Practice doesn't make perfect: new US study

Endless hours spent perfecting your golf swing or basketball shot could be a waste of time, according to a US study which has found that practice doesn't always make perfect.

Researchers at Stanford University looking at the way the brain plans and calculates motion made the discovery after training macaque monkeys to repeat a simple reaching task thousands of times.

"The nervous system was not designed to do the same thing over and over again," said Mark Churchland, postdoctoral researcher in electrical engineering and lead author of the study published Wednesday.

In the study, scientists rewarded the monkeys for reaching out to touch a coloured spot of light at different speeds.

During the exercise, scientists monitored the promoter cortex of the monkeys' brains, responsible for movement planning, and tracked the speed of the resulting motion. Over the course of thousands of reaches, the monkeys rarely moved with the exact same speed.
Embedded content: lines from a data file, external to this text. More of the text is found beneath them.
Lemma coinv_defect0 h : coinv_defect C h = 0.
Proof.
have E11 z : E one one z = coinv_defect C (al (al z)).
  rewrite /E -(coinv_defect_alpha _ C_bilin) -coinv_defect_alpha; last first.
    exact: bilinmap_comp C_bilin alpha_lin gamma_lin.
  by apply: eq_coinv_defect => x w; rewrite mul1h lact1.
have vanish : \sum_(u <- D h) \sum_(p <- D u.2) K (ali u.1) p.1 p.2 = 0.
  rewrite big1 // => u _; rewrite -[RHS](coinv_defect_twisted u.2 (C := fun x w =>
    \sum_(v <- D (S u.1)) C (v.1 ** x) (v.2 .> w))).
    by apply: eq_bigr => p _; rewrite -K_twisted.
  apply: bilinmap_sum => v.
  exact: bilinmap_comp C_bilin (hmul_bilin.1 v.1) (lact_bilin.1 v.2).
rewrite (sum_coassoc _ K_trilin) in vanish.
have E11_lin : linmap (fun z => E one one (ali z)) by exact: linmap_comp (E_lin _ _) alphaV_lin.
rewrite -[h]alphaVK -[ali h]alphaVK -E11 -[RHS]vanish.
rewrite -[X in E one one (ali X)]counitl (linmap_sum E11_lin).
by apply: eq_bigr => u _; rewrite K_antipode (linmapZ E11_lin).
Qed.

End CoinvDefectVanishes.

Lemma omega_coinv h : coinv O F (om h).
Proof.
move=> f f_bilin; rewrite big_seq1; apply/eqP; rewrite -subr_eq0; apply/eqP.
exact: (@coinv_defect0 k^o).
Qed.

Lemma ract_lact_d a b c :
  (a .> d b) <. c = al a .> d (b ** ali c) + (- (a ** b)) .> d c.
Proof.
rewrite -{1}[c]alphaVK -lractA.
have -> : d b <. ali c = d (b ** ali c) - b .> d (ali c) by rewrite d_leibniz addrC addKr.
by rewrite (linmapB (lact_bilin.1 _)) lactA d_alphaV gammaVK (linmapN (lact_bilin.2 _)).
Qed.

Lemma lact_d_span w : exists s : seq (H * H), w = \sum_(p <- s) (p.1 .> d p.2).
Proof.
have [s ->] := d_span w.
elim: s => [|t s [s' IH]]; first by exists [::]; rewrite !big_nil.
exists [:: (al t.1.1, t.1.2 ** ali t.2), (- (t.1.1 ** t.1.2), t.2) & s'].
by rewrite !big_cons IH addrA ract_lact_d.
Qed.

Definition coinv_proj w := \sum_(q <- ph w) (S q.1 .> q.2).

Lemma coinv_proj_bilin : bilinmap (fun a w => S a .> w).
Proof. exact: bilinmap_compl lact_bilin antipode_lin. Qed.

Lemma coinv_proj_lin : linmap coinv_proj.
Proof. exact: sum_coaction_lin coinv_proj_bilin. Qed.

Lemma coinv_projE w : coinv O F w -> coinv_proj w = w.
Proof.
move=> w_coinv; rewrite /coinv_proj (sum_coaction_coinv coinv_proj_bilin w_coinv).
by rewrite antipode1 lact1 gammaVK.
Qed.

Lemma coinv_proj_lact a w : coinv O F w -> coinv_proj (a .> w) = e a *: g w.
Proof.
move=> w_coinv; rewrite /coinv_proj (sum_coaction_lact _ _ coinv_proj_bilin).
transitivity (\sum_(p <- D a) ((S p.1 ** p.2) .> w)); last first.
  by rewrite -(linmap_sum (lact_bilin.2 w)) antipodel (linmapZ (lact_bilin.2 w)) lact1.
apply: eq_bigr => p _.
rewrite (sum_coaction_coinv (C := fun u v => S (p.1 ** u) .> (p.2 .> v))) //.
  by rewrite mulh1 antipode_alpha lactA gammaVK.
exact: bilinmap_comp lact_bilin (linmap_comp antipode_lin (hmul_bilin.1 _)) (lact_bilin.1 _).
Qed.
Lemma rate_le_approx_const (n : nat) (Tr M Q d : R) : (1 <= n)%nat -> 1 <= Tr -> 0 < M -> 0 < d ->
  Tr ^ (n + 1) <= M ^ n -> M <= 8 * INR (3 * n) * Q -> / (4 * Tr * (ln Tr + 1)) <= d ->
  4 * Tr ^ 2 / (Q * d) ^ (3 * n) <= approx_const n * Tr ^ (n + 1) / M ^ n.
Proof.
  intros Hn HT HM Hd HTM HMQ HdT.
  pose proof (ln_nonneg Tr HT) as HL.
  assert (HNr : 1 <= INR (3 * n)) by (apply (le_INR 1); lia).
  unfold approx_const. set (N := (3 * n)%nat) in *. set (Nr := INR N) in *.
  assert (HQd : 0 < Q * d) by (apply Rmult_lt_0_compat; [nra|lra]).
  assert (H4d : 1 <= 4 * Tr * (ln Tr + 1) * d).
  { apply (Rmult_le_reg_l (/ (4 * Tr * (ln Tr + 1)))); [apply Rinv_0_lt_compat; nra|].
    rewrite <- Rmult_assoc, Rinv_l, Rmult_1_l, Rmult_1_r by nra. exact HdT. }
  assert (HMN : M ^ N <= (32 * Nr * (Nr + 1)) ^ N * Tr ^ (N + 1) * (Q * d) ^ N).
  { apply (Rle_trans _ ((32 * Nr * Tr * (ln Tr + 1) * (Q * d)) ^ N)); [apply pow_incr; nra|].
    pose proof (ln_add1_pow_le Tr N HT) as HLN. fold Nr in HLN.
    set (X := Q * d) in *. rewrite !Rpow_mult_distr, pow_add, pow_1.
    assert (0 <= 32 ^ N * Nr ^ N * Tr ^ N * X ^ N)
      by (repeat apply Rmult_le_pos; apply pow_le; lra).
    nra. }
  pose proof (pow_ratio_gain n Tr M ltac:(lra) HM HTM) as Hgain. fold N in Hgain.
  assert (0 < Tr ^ (N + 1)) by (apply pow_lt; lra).
  assert (0 < M ^ n) by (apply pow_lt; lra).
  assert (0 < (Q * d) ^ N) by (apply pow_lt; lra).
  assert (Hpow : Tr ^ 2 * Tr ^ (N + 1) = Tr ^ (N + 3)) by (rewrite <- pow_add; f_equal; lia).
  apply (Rmult_le_reg_r ((Q * d) ^ N * M ^ n * Tr ^ (N + 1))); [apply Rmult_lt_0_compat; nra|].
  replace (4 * Tr ^ 2 / (Q * d) ^ N * ((Q * d) ^ N * M ^ n * Tr ^ (N + 1)))
    with (4 * (Tr ^ (N + 3) * M ^ n)) by (rewrite <- Hpow; field; lra).
  replace (4 * (32 * Nr * (Nr + 1)) ^ N * Tr ^ (n + 1) / M ^ n
           * ((Q * d) ^ N * M ^ n * Tr ^ (N + 1)))
    with (4 * (Tr ^ (n + 1) * ((32 * Nr * (Nr + 1)) ^ N * Tr ^ (N + 1) * (Q * d) ^ N)))
    by (field; lra).
  apply Rmult_le_compat_l; [lra|]. eapply Rle_trans; [exact Hgain|].
  apply Rmult_le_compat_l; [left; apply pow_lt; lra|exact HMN].
Qed.
(* For each $n$, consider the distributed system (under the RJSQ policy) and its minimum-delay service pool (MDSP), as described in the context, both initially empty. Then the process \[ \Gamma^\dagger_n(t)=\big(W_n(t)+U_n(t)\big)-\big(W^\dagger_n(t)+U^\dagger_n(t)\big),\quad t\ge0, \] has continuous, piecewise linear sample paths, and $\Gamma^\dagger_n(t)\ge0$ for all $t\ge0$.
   Context: Distributed system $n$: $s\ge2$ stations with single work-conserving FCFS servers, unlimited waiting room, service rates $0<\mu_1\le\cdots\le\mu_s$, $\mu=\sum_k\mu_k$. Customer $j$ appears at time $a_n(j)=\sum_{i\le j}z(i)/\lambda_n$ ($z(i)$ i.i.d. nonnegative, mean 1); it comes from origin $m\in\{1,\ldots,b\}$ with probability $p_m>0$ (i.i.d. across customers), in which case its traveling delay to station $k$ is $\sqrt n d_{m,k}$, $d_{m,k}\ge0$. It is routed by the randomized join-the-shortest-queue (RJSQ) policy to a destination $\xi_n(j)$ and arrives there at time $a_n(j)+\sqrt n d_{m,\xi_n(j)}$. The $i$th customer arriving at (served by) station $k$ has service requirement $w_k(i)$ (i.i.d. nonnegative, mean 1) and service time $w_k(i)/\mu_k$. $W_n(t)=\sum_kW_{n,k}(t)$, where $W_{n,k}(t)$ is the total unfinished service requirement (remaining service time times $\mu_k$) of customers present at station $k$; $U_n(t)$ (en route workload) is the total service requirement of customers that have appeared by time $t$ but not yet arrived at their stations. MDSP $n$: a single station with one work-conserving FCFS server of rate $\mu$ and unlimited waiting room. For each customer $j$ of distributed system $n$, from origin $m$ and sent to station $k$, there is a class-$k$ counterpart that appears at $a_n(j)$, arrives at the MDSP station at time $a_n(j)+\sqrt n\,\underline d_m$ with $\underline d_m=\min_\ell d_{m,\ell}$, and has the same service requirement (service time requirement$/\mu$). $W^\dagger_n(t)$ is the total unfinished service requirement at the MDSP station and $U^\dagger_n(t)$ the total service requirement of counterparts that have appeared but not yet arrived. *)

From HB Require Import structures.
From mathcomp Require Import all_boot all_order all_algebra.
From mathcomp Require Import all_classical all_reals all_analysis.
Set Implicit Arguments. Unset Strict Implicit. Unset Printing Implicit Defensive.
Import Order.TTheory GRing.Theory Num.Theory.
Import numFieldNormedType.Exports.
Local Open Scope ring_scope.
Local Open Scope classical_set_scope.

Section Defs.
Variable R : realType.

(** appearance time a_n(j) = (z(0)+...+z(j))/lambda_n  (customers indexed from 0) *)
Definition appear (lam : R) (z : nat -> R) (j : nat) : R :=
  (\sum_(i < j.+1) z i) / lam.

Definition dmin (s b : nat) (d : 'I_b -> 'I_s -> R) (m : 'I_b) : R :=
  (match s as s0 return ('I_s0 -> R) -> R with
   | 0 => fun _ => 0
   | s'.+1 => fun f => \big[Num.min/ f ord0]_(l < s'.+1) f l
   end) (d m).

(** sum over all customers j = 0,1,2,... (limit of partial sums; all sums used
    below have only finitely many nonzero terms) *)
Definition tsum (f : nat -> R) : R := limn (fun M => \sum_(j < M) f j).

(** workload (in units of service requirement) at time t of an initially empty
    single work-conserving server of rate r, fed by the right-continuous
    cumulative work-arrival function A (Skorokhod reflection of the netput
    X(u) = A(u) - r u). *)
Definition workload (r : R) (A : R -> R) (t : R) : R :=
  A t - r * t - Num.min 0 (inf [set A u - r * u | u in `[0, t]]).

Definition piecewise_linear (f : R -> R) : Prop :=
  exists tau : nat -> R,
    [/\ tau 0%N = 0, (forall i, tau i < tau i.+1),
        (forall M, exists i, M < tau i) &
        (forall i, exists alpha beta : R,
            forall t, tau i <= t <= tau i.+1 -> f t = alpha + beta * t)].

Section Systems.
Variables (s b : nat) (n : nat) (lam : R) (mu : 'I_s -> R)
          (d : 'I_b -> 'I_s -> R) (z : nat -> R) (orig : nat -> 'I_b)
          (xi : nat -> 'I_s) (v : nat -> R).

(** arrival time of customer j at its destination station xi j *)
Definition arr_dist (j : nat) : R :=
  appear lam z j + Num.sqrt (n%:R) * d (orig j) (xi j).

Definition arr_mdsp (j : nat) : R :=
  appear lam z j + Num.sqrt (n%:R) * dmin d (orig j).

Definition arrived_work (k : 'I_s) (u : R) : R :=
  tsum (fun j => if (xi j == k) && (arr_dist j <= u) then v j else 0).

Definition W_dist (t : R) : R :=
  \sum_(k < s) workload (mu k) (arrived_work k) t.

Definition U_dist (t : R) : R :=
  tsum (fun j => if (appear lam z j <= t) && (t < arr_dist j) then v j else 0).

Definition arrived_work_mdsp (u : R) : R :=
  tsum (fun j => if arr_mdsp j <= u then v j else 0).

Definition W_mdsp (t : R) : R :=
  workload (\sum_(k < s) mu k) arrived_work_mdsp t.

Definition U_mdsp (t : R) : R :=
  tsum (fun j => if (appear lam z j <= t) && (t < arr_mdsp j) then v j else 0).

Definition Gamma (t : R) : R := (W_dist t + U_dist t) - (W_mdsp t + U_mdsp t).

End Systems.
End Defs.

From HB Require Import structures.
From mathcomp Require Import all_boot all_order all_algebra.
From mathcomp Require Import all_classical all_reals all_analysis.
From mathcomp Require Import ring lra.
Set Implicit Arguments. Unset Strict Implicit. Unset Printing Implicit Defensive.
Import Order.TTheory GRing.Theory Num.Theory.
Import numFieldNormedType.Exports.
Local Open Scope ring_scope.
Local Open Scope classical_set_scope.

(* Write the workload of a work-conserving server of rate [r] fed by the
   cumulative work [A] as [A t - S t], where the served work
   [S t = min (r t) (inf_(0 <= u <= t) A u + r (t - u))] is the regulator of the
   Skorokhod reflection. Every customer's work is either en route or has
   arrived, in both systems, so Gamma = S_mdsp - sum_k S_k. Since a counterpart
   reaches the MDSP no later than its customer reaches its station, the arrived
   work satisfies sum_k A_k <= A_mdsp, and the min-formula then gives
   sum_k S_k <= S_mdsp, i.e. Gamma >= 0. The arrival processes are locally
   finite step functions, so near each time every S is a minimum of affine
   functions on either side; functions with affine one-sided germs everywhere
   on [0, +oo[ are continuous, and taking suprema of affine extensions produces
   a locally finite sequence of breakpoints. *)

Section AffinePieces.
Variable R : realType.
Implicit Types (f g : R -> R) (a b t x y : R).

Definition affine_on f x y :=
  exists a b, forall u, x <= u <= y -> f u = a + b * u.

Lemma affine_on_sub f x y x' y' :
  x <= x' -> y' <= y -> affine_on f x y -> affine_on f x' y'.
Proof.
move=> xx' y'y [a [b Hf]]; exists a, b => u /andP[xu uy]; apply: Hf.
by rewrite (le_trans xx' xu) (le_trans uy y'y).
Qed.

Lemma affine_on_eq f g x y :
  (forall u, x <= u <= y -> f u = g u) -> affine_on g x y -> affine_on f x y.
Proof. by move=> fg [a [b Hg]]; exists a, b => u xuy; rewrite fg ?Hg. Qed.

Lemma affine_onD f g x y :
  affine_on f x y -> affine_on g x y -> affine_on (fun u => f u + g u) x y.
Proof.
move=> [a [b Hf]] [a' [b' Hg]]; exists (a + a'), (b + b') => u xuy.
by rewrite Hf ?Hg //; ring.
Qed.

Lemma affine_onB f g x y :
  affine_on f x y -> affine_on g x y -> affine_on (fun u => f u - g u) x y.
Proof.
move=> [a [b Hf]] [a' [b' Hg]]; exists (a - a'), (b - b') => u xuy.
by rewrite Hf ?Hg //; ring.
Qed.

Lemma affine_onN f x y :
  affine_on f x y -> affine_on (fun u => f (- u)) (- y) (- x).
Proof.
move=> [a [b Hf]]; exists a, (- b) => u /andP[yu ux].
by rewrite Hf; [ring | rewrite lerNr ux lerNl yu].
Qed.

(* Two affine functions that agree at two distinct points agree everywhere. *)
Lemma affine_on_glue f x y x' y' :
  x <= x' < y -> y <= y' -> affine_on f x y -> affine_on f x' y' ->
  affine_on f x y'.
Proof.
move=> /andP[xx' x'y] yy' [a [b Hf]] [a' [b' Hg]].
have agree p : x' <= p <= y -> a + b * p = a' + b' * p.
  move=> /andP[x'p py]; rewrite -Hf -?Hg ?x'p ?py //.
    by rewrite (le_trans py yy').
  by rewrite (le_trans xx' x'p).
have ex' : a + b * x' = a' + b' * x' by apply: agree; rewrite lexx ltW.
have ey : a + b * y = a' + b' * y by apply: agree; rewrite lexx ltW.
have /eqP : (b - b') * (y - x') = 0 by lra.
rewrite mulf_eq0 [y - x' == 0]subr_eq0 (gt_eqF x'y) orbF subr_eq0 => /eqP eb.
have ea : a = a' by rewrite eb in ex'; lra.
exists a, b => u /andP[xu uy']; have [uy|yu] := leP u y; first by rewrite Hf ?xu.
by rewrite Hg ?uy' ?ea ?eb // (le_trans (ltW x'y) (ltW yu)).
Qed.

Definition affine_right f t := exists2 e, 0 < e & affine_on f t (t + e).

(* Reflecting [u] to [- u] turns left germs into right germs, so the closure
   properties of right germs hold for left germs by conversion. *)
Definition affine_left f t := affine_right (fun u => f (- u)) (- t).

Lemma affine_leftP f t :
  affine_left f t <-> exists2 e, 0 < e & affine_on f (t - e) t.
Proof.
split=> -[e e0 Hf]; exists e => //; have := affine_onN Hf.
  by rewrite opprD !opprK; apply: affine_on_eq => u _; rewrite opprK.
by rewrite opprB addrC.
Qed.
Small variations in reach speed followed small variations in brain activity during movement planning, before the monkeys started reaching for the spot, according to the study, published in the journal Neuron.

Contrary to conventional wisdom that movement variability is caused by muscle activity, the scientists found that neural activity accounts for about half the variations.

In other words, training muscles to perform a certain way through practice, such as countless hours teeing off or shooting a basketball, won't produce the same shot every time because the brain's behaviour is inconsistent.

After an initial training period, the monkeys' reach accuracy did not improve over time, suggesting that lots of practice can only improve movement control so much, said Krishna Shenoy, assistant professor of electrical engineering and neurosciences at Stanford University.

The researchers speculate that humans and animals evolved with this "improvisational style" in response to the predator-prey dynamic where predators never catch and kill prey in exactly the same conditions.

"Premium athletes' quest for consistency is a stark contrast to the way we evolved through history," Shenoy said.

Understanding the way the brain controls movement can help lead to treatments for neurological conditions such as Parkinson's disease, Shenoy said.